Backport is headache in fact. I tried and we have to bring to much code from numpy to be able to support it. Speaking IRL with @ogrisel, we propose to raise a NotImplemented error when there is NaN and that we require a nanfunctions (involving numpy >= 1.9) and ask for an upgrade.

glemaitre · 2018-01-10T16:31:53Z

@lesteve @jnothman I wanted to mock the version of numpy to be sure that the error in the test is raised properly. I used pytest-mock for the moment. Is there any problem with that, should we use an alternative. Note that mock is only in the standard library in python 3 but not in python 2 which required to install it from pip as well.

lesteve · 2018-01-10T16:47:41Z

@lesteve @jnothman I wanted to mock the version of numpy to be sure that the error in the test is raised properly.

Is pytest-mock really needed? Can we not use either:

if statement in the test. The numpy <= 1.9 will be tested in one of the build on Travis.
pytest monkeypatch fixture. I haven't looked what the difference is compared to pytest-mock to be honest.

glemaitre · 2018-01-10T16:55:49Z

if statement in the test. The numpy <= 1.9 will be tested in one of the build on Travis.

+1 on that one. It seems good enough to me. Thanks

glemaitre · 2018-01-11T00:44:03Z

@jnothman @lesteve I think this is ready for a first look.

jnothman

Do you think we should support other missing_values indicators?

jnothman · 2018-01-11T07:47:36Z

sklearn/preprocessing/data.py

        # for forward transform, match the output PDF
        if not inverse:
-            X_col = output_distribution.ppf(X_col)
+            # comparison with NaN will raise a warning which we make silent


If a numpy error, can use np.errstate

this is a scipy warning

glemaitre · 2018-01-11T14:14:17Z

Do you think we should support other missing_values indicators?

I give it some thought and I tried couple of stuff. I have the following interrogations:

The QuantileTransformer is actually converting X to a float array. So the simpler way is to replace the missing_values by NaN and the processing will remain the same.
If we actually want to keep the data type of X (only at fit because we will return a float X at transform anyway), we can compute compute the quantiles only on the sliced X_col. However, at transform, you will need to convert X to a float and in this case the easier way is to fall back on the first solution (replace missing_values by NaN).

Having implemented both approaches (mid-way) I think that only replacing missing_value by NaN is sufficient.

jnothman · 2018-01-12T01:35:03Z

sklearn/preprocessing/data.py

+
    def _check_inputs(self, X, accept_sparse_negative=False):
        """Check inputs before fit and transform"""
+        if sparse.issparse(X):


Why before check_array?

check_array will convert the matrix into a float dtype.

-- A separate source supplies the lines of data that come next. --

Lemma side_midpoints :
  side 0 (sqrt 2 / 2) = c3 (1 / 2) (1 / 2) 0 /\ side 2 (sqrt 2 / 2) = c3 (1 / 2) 0 (1 / 2).
Proof.
have half : sqrt 2 / 2 / sqrt 2 = 1 / 2 by field; apply: Rgt_not_eq; apply: sqrt_lt_R0; lra.
by split; rewrite /side lerp_comb3 half; congr comb3; field.
Qed.

Lemma side_midpoint_in_CSN k : (k < 3)%nat -> in_CSN (side k (sqrt 2 / 2)).
Proof.
move=> k3; have [_ [_ [gS _]]] := side_geodesic k3; apply: gS.
by rewrite glued_vertex //; have := sqrt_pos 2; lra.
Qed.

Lemma dist_midpoints : dist (c3 (1 / 2) (1 / 2) 0) (c3 (1 / 2) 0 (1 / 2)) = sqrt 2 / 2.
Proof.
have s2 : sqrt 2 * sqrt 2 = 2 by apply: sqrt_sqrt; lra.
apply: dist3_eq; first by have := sqrt_pos 2; lra.
rewrite !(c3_1, c3_2, c3_3) /Rsqr.
by transitivity (sqrt 2 * sqrt 2 / 4); [rewrite s2 | ]; field.
Qed.

Lemma CSN_not_CAT0 : ~ CAT0 (@in_CSN n) d.
Proof.
move=> [geo cat].
have s2 : 0 < sqrt 2 by apply: sqrt_lt_R0; lra.
have close := CAT0_equilateral_midsides cat s2 vertex_in_CSN side_geodesic glued_vertex.
have cm1 := side_midpoint_in_CSN (k := 0) isT.
have cm2 := side_midpoint_in_CSN (k := 2) isT.
case: side_midpoints close cm1 cm2 => -> -> close cm1 cm2.
set m1 := c3 _ _ _ in close cm1; set m2 := c3 _ _ _ in close cm2.
have [g gm] := geo m1 m2 cm1 cm2.
have d0 : 0 <= d m1 m2.
  by apply: (Rle_trans _ (dist m1 m2)); [exact: dist3_ge0 | exact: dist_le_glued].
have [hS hm1 hm2] := geodesic_midpoint gm d0.
set h := g _ in hS hm1 hm2.
have [] := @midpoint_rigid3 _ (split12 m) (split13 m) (split23 m) m1 m2 h (d m1 m2 / 2).
- by rewrite -hm1; exact: dist_le_glued.
- by rewrite -hm2; exact: dist_le_glued.
- by rewrite dist_midpoints; lra.
rewrite /m1 /m2 !c3_1 !c3_2 !c3_3 => h1 h2 h3.
case: hS => p hp.
have circ A : h A <> 0 -> circular p A by move=> /(proj2 (hp A)) [].
by apply: (@split_quartet m p); split; apply: circ; lra.
Qed.

End Glued.
End CSN.

Local Close Scope R_scope.

Theorem proposition6 (n : nat) (hn : (4 <= n)%N) (d : pt n -> pt n -> R)
  (hd : forall x y : pt n, in_CSN x -> in_CSN y ->
          is_glb (string_lengths x y) (d x y)) :
  ~ CAT0 (@in_CSN n) d.
Proof. by case: n hn d hd => [|[|[|[|m]]]] // _ d hd; exact: CSN_not_CAT0 hd. Qed.
Theorem lemma4 (R : realType) (K : nat) (w : 'I_K -> R) (Ps Pr Pt glo ghi : R) :
  (forall k, 0 <= w k) -> \sum_k w k = 1 ->
  0 < Ps -> 0 < Pr -> 0 < Pt -> 0 < glo -> glo <= ghi ->
  exists thmax : R,
  forall (N : nat) (a : 'I_N -> R) (b c : 'I_N -> 'I_K -> R),
    (forall m, gain_ok glo ghi (a m)) ->
    (forall n k, gain_ok glo ghi (b n k)) ->
    (forall m k, gain_ok glo ghi (c m k)) ->
    (exists m, 0 < a m) -> (exists n k, 0 < b n k) ->
    ((exists m k, 0 < c m k) ->
       forall lam th : nat -> triple R,
         psg_run (region1 w a c Ps Pt) (subgrad w a b c Ps Pr Pt) lam th ->
         forall l, norm3 (th l) <= thmax * (N%:R) ^+ 2) /\
    (forall lam th : nat -> triple R,
       psg_run (region2 w a b Ps Pt) (subgrad w a b (fun _ _ => 0) Ps Pr Pt) lam th ->
       forall l, norm3 (th l) <= thmax * (N%:R) ^+ 2).
Proof.
move=> w0 w1 Ps0 Pr0 Pt0 glo0 gloghi.
have w01 := weights_le1 w0 w1; have wmin0 := minpos_weights_gt0 w0 w1.
have P0 : 0 < Num.min Ps Pt by rewrite lt_min Ps0 Pt0.
set dl := dual_price_floor (minpos w) (Num.min Ps Pt) glo ghi.
have dl0 : 0 < dl by apply: dual_price_floor_gt0.
exists (Ps + Pr + Pt + 4 * K%:R * power_bound glo ghi dl).
move=> N a b c aok bok cok [m0 am0] [n0 [k0 bnk0]].
have N0 : (0 < N)%N := leq_ltn_trans (leq0n m0) (ltn_ord m0).
have [/andP[glo_a a_ghi] /andP[_ maxa_ghi]] :=
  gains_minpos_maxof glo0 gloghi aok (ex_intro _ m0 am0).
have [_ /andP[b_max _]] := gains_minpos_maxof glo0 gloghi
  (fun nk : 'I_N * 'I_K => bok nk.1 nk.2) (ex_intro _ (n0, k0) bnk0).
split=> [[m1 [k1 cmk0]]|] lam th run.
  have [/andP[c_min _] _] := gains_minpos_maxof glo0 gloghi
    (fun mk : 'I_N * 'I_K => cok mk.1 mk.2) (ex_intro _ (m1, k1) cmk0).
  apply: psg_run_norm_le run => // x R1x; split; first by case: R1x.
  move=> m k; left; rewrite ge_min.
  by rewrite (region1_price_floor glo0 Ps0 Pt0 wmin0 glo_a c_min maxa_ghi R1x).
apply: psg_run_norm_le run => // [m k|x R2x]; first by left.
split=> [|m k]; first by case: R2x.
right; split=> //; rewrite ge_min.
by rewrite (region2_price_floor glo0 Ps0 Pt0 wmin0 glo_a a_ghi b_max R2x) orbT.
Qed.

I wanted to compare when data can still be int.
However I could also use np.isclose which can handle NaN as well.

jnothman · 2018-01-12T01:35:51Z

sklearn/preprocessing/data.py

+                and not np.isfinite(X[~np.isnan(X)]).all()):
+            raise ValueError("Input contains infinity"
+                             " or a value too large for %r." % X.dtype)
+        if np.count_nonzero(self._mask_missing_values):


It is strange to have this in a function whose argument is X, not _mask_missing_values.

I suspect you should avoid storing this mask as an attribute.

This function will get away once the #10455 is addressed.

jnothman · 2018-01-12T01:42:07Z

sklearn/preprocessing/data.py

+                self._percentile_func = np.nanpercentile
+            else:
+                raise NotImplementedError(
+                    'QuantileTransformer does not handle NaN value with'


Is it easy enough to just implement in sklearn.utils.fixes:

def nanpercentile(a, q): return np.percentile(np.compress(a, ~np.isnan(a)), q)

seeing as we don't use the other features of nanpercentile?

It is annoying to have parts of the library with different minimum numpy requirements. It means that code is not portable across supported platforms.

glemaitre · 2018-03-18T11:18:19Z

I'm not sure that's applicable to QuantileTransformer...?

True ... we will get always float as output. So it should be for sure in a separate PR.

glemaitre · 2018-03-18T11:21:30Z

@jnothman I added a test_common file. Could you check that the creation of the instance is ok or you would see another way to create the instance of the estimator on the fly (a dict for instance?)

jnothman

Nice test. It essentially also tests that the estimators are feature-wise... So we could in theory remove some existing tests

jnothman · 2018-03-18T11:31:07Z

sklearn/preprocessing/tests/test_common.py

+
+@pytest.mark.parametrize(
+    "est, X, n_missing",
+    _generate_tuple_transformer_missing_value()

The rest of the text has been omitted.